Inspired by her new surroundings, Bush found that writing came easily, and she was keen for her new songs to reflect her state of mind. “On this album, I wanted to get away from the energy of the last one – at the time I was very unhappy, I felt that mankind was really screwing things up,” she told Hot Press magazine. “Having expressed all that, I wanted this album to be different – a positive album… more about the good things. A lot depends on how you feel at any given time – it all comes out in the music.”
“‘Art’ is one of those things that should have absolutely no rules at all”
In the summer of 1983, Bush began demoing her new songs with then partner Del Palmer – she’d compose on piano or the Fairlight while Palmer programmed patterns on a LinnDrum machine. Recording proper began in November 1983, as Bush worked with a team of engineers and musicians to flesh out the demos. As hoped for, her own studio meant that she could pursue her artistic vision with no constraints, and she outlined her approach to the Canadian magazine Now. “I feel that ‘art’ is one of those things that should have absolutely no rules at all. In fact, the rules that are already laid down I feel like deliberately breaking, to try what they say you can’t do.
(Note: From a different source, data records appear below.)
(* The mapping cylinder: X -> (X + Y) +_{X + X} I X -> Y, where I X is a cylinder of X;
   Y -> (X + Y) +_{X + X} I X is a pushout of the trivial cofibration X -> I X along f. *)
Lemma factor_cof_weq {X Y : Ob C} (f : Hom X Y) :
  exists (M : Ob C) (k : Hom X M) (w : Hom M Y), cof k /\ weq w /\ cmp w k = f.
Proof.
  destruct (cylinder_ex X) as [P [in1 [in2 [I [c [s [Hcop [Hc [Hs [E1 E2]]]]]]]]]].
  destruct (initial_ex C) as [O [HO HOcof]].
  destruct (HO X) as [oX _], (HO Y) as [oY _].
  destruct (pushout_ex (i:=oY) oX (HOcof _ _)) as [XY [inX [inY HpoXY]]].
  pose proof (pushout_initial_coproduct HO HpoXY) as HcXY.
  destruct (Hcop XY inX (cmp inY f)) as [phi [Phi1 [Phi2 _]]].
  destruct (pushout_ex (i:=c) phi Hc) as [M [jM [gM HpoM]]].
  destruct (HcXY Y f (idm Y)) as [fid [Fid1 [Fid2 _]]].
  destruct (proj2 HpoM Y fid (cmp f s)) as [w [W1 [W2 _]]].
  { apply (coproduct_hom_ext Hcop); rewrite <- !cmp_assoc.
    - rewrite Phi1, Fid1, E1, cmp_id_r; reflexivity.
    - rewrite Phi2, cmp_assoc, Fid2, cmp_id_l, E2, cmp_id_r; reflexivity. }
  exists M, (cmp jM inX), w. split; [|split].
  - apply cof_cmp; [exact (pushout_cof (HOcof _ _) HpoXY) | exact (pushout_cof Hc HpoM)].
  - assert (Hpo : is_pushout (cmp c in2) f (cmp jM inY) gM).
    { apply (pushout_pasting (coproduct_pushout f phi Hcop HcXY Phi1 Phi2) HpoM). }
    assert (Hc2 : cof (cmp c in2)) by (apply cof_cmp; [eapply coproduct_inr_cof|]; eauto).
    assert (Hw2 : weq (cmp c in2)) by (apply (weq_from_cmp_l s); rewrite ?E2; auto using weq_idm).
    apply (weq_from_cmp_r w (cmp jM inY)).
    + apply (pushout_tcof Hc2 Hw2 Hpo).
    + rewrite cmp_assoc, W1, Fid2; apply weq_idm.
  - rewrite cmp_assoc, W1, Fid1; reflexivity.
Qed.

Lemma rel_cylinder_ex {A B : Ob C} (i : Hom A B) : cof i ->
  exists (P : Ob C) (in1 in2 : Hom B P) (I : Ob C) (c : Hom P I) (s : Hom I B),
    is_pushout i i in1 in2 /\ cof c /\ weq s /\
    cmp s (cmp c in1) = idm B /\ cmp s (cmp c in2) = idm B.
Proof.
  intros Hi. destruct (pushout_ex (i:=i) i Hi) as [P [in1 [in2 Hpo]]].
  destruct (proj2 Hpo B (idm B) (idm B) eq_refl) as [nabla [N1 [N2 _]]].
  destruct (factor_cof_weq nabla) as [I [c [s [Hc [Hs E]]]]].
  exists P, in1, in2, I, c, s.
  split; [exact Hpo|]; do 2 (split; [assumption|]).
  split; rewrite cmp_assoc, E; assumption.
Qed.

Lemma cof_retraction {X Y Z : Ob C} (j : Hom X Y) (t : Hom Y Z) :
  cof j -> weq (cmp t j) -> exists r : Hom Y X, cmp r j = idm X.
Proof.
  intros Hj Htj. destruct (factor_cof_weq t) as [M [k [w [Hk [Hw E]]]]].
  destruct (tcof_retract (f := cmp k j)) as [r Hr].
  - apply cof_cmp; auto.
  - apply (weq_from_cmp_l w); auto. rewrite cmp_assoc, E; auto.
  - exists (cmp r k). rewrite <- cmp_assoc; exact Hr.
Qed.

End CylinderFacts.

Section Homotopies.
Variable C : CylCat.

Lemma rel_htpy_on_cylinder {A B X : Ob C} {i : Hom A B} {f g : Hom B X} :
  rel_htpy i f g ->
  forall (P : Ob C) (in1 in2 : Hom B P) (I : Ob C) (c : Hom P I) (s : Hom I B),
  is_pushout i i in1 in2 -> cof c ->
  cmp s (cmp c in1) = idm B -> cmp s (cmp c in2) = idm B ->
  exists H : Hom I X, cmp H (cmp c in1) = f /\ cmp H (cmp c in2) = g.
Proof.
  intros [_ [P1 [j1 [j2 [J [c1 [s1 [H [Hpo1 [_ [Hs1 [e1 [e2 [h1 h2]]]]]]]]]]]]]]
    P in1 in2 I c s Hpo Hc E1 E2.
  destruct (proj2 Hpo P1 j1 j2 (proj1 Hpo1)) as [phi [F1 [F2 _]]].
  destruct (pushout_ex (i:=c) (cmp c1 phi) Hc) as [K [kJ [kI HpoK]]].
  destruct (proj2 HpoK B s1 s) as [t [T1 [T2 _]]].
  { apply (pushout_hom_ext Hpo); rewrite <- !cmp_assoc.
    - rewrite F1, e1, E1; reflexivity.
    - rewrite F2, e2, E2; reflexivity. }
  destruct (cof_retraction C kJ t (pushout_cof Hc HpoK)) as [r Hr].
  { rewrite T1; exact Hs1. }
  assert (Hglue : forall (jk : Hom B P1) (ink : Hom B P), cmp phi ink = jk ->
            cmp (cmp H (cmp r kI)) (cmp c ink) = cmp H (cmp c1 jk)).
  { intros jk ink Hk.
    rewrite <- !cmp_assoc, (cmp_assoc kI c ink), <- (proj1 HpoK), <- !cmp_assoc, Hk.
    rewrite (cmp_assoc r kJ), Hr, cmp_id_l; reflexivity. }
  exists (cmp H (cmp r kI)).
  split; [rewrite (Hglue j1 in1 F1), h1 | rewrite (Hglue j2 in2 F2), h2]; reflexivity.
Qed.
I think really the approach is something you continually experiment with – you try and find the best way of expressing something well.”
From the first few seconds of Running Up That Hill, it was obvious that Bush’s uncompromising approach had paid off, and that Hounds Of Love was shaping up to be one of the best 80s albums. A striking, steady beat underpins otherworldly-sounding stabs on the Fairlight, and before Bush sings a word, it’s clear the song is special; her passionate performance of an extraordinary lyric pushes it into the realms of greatness.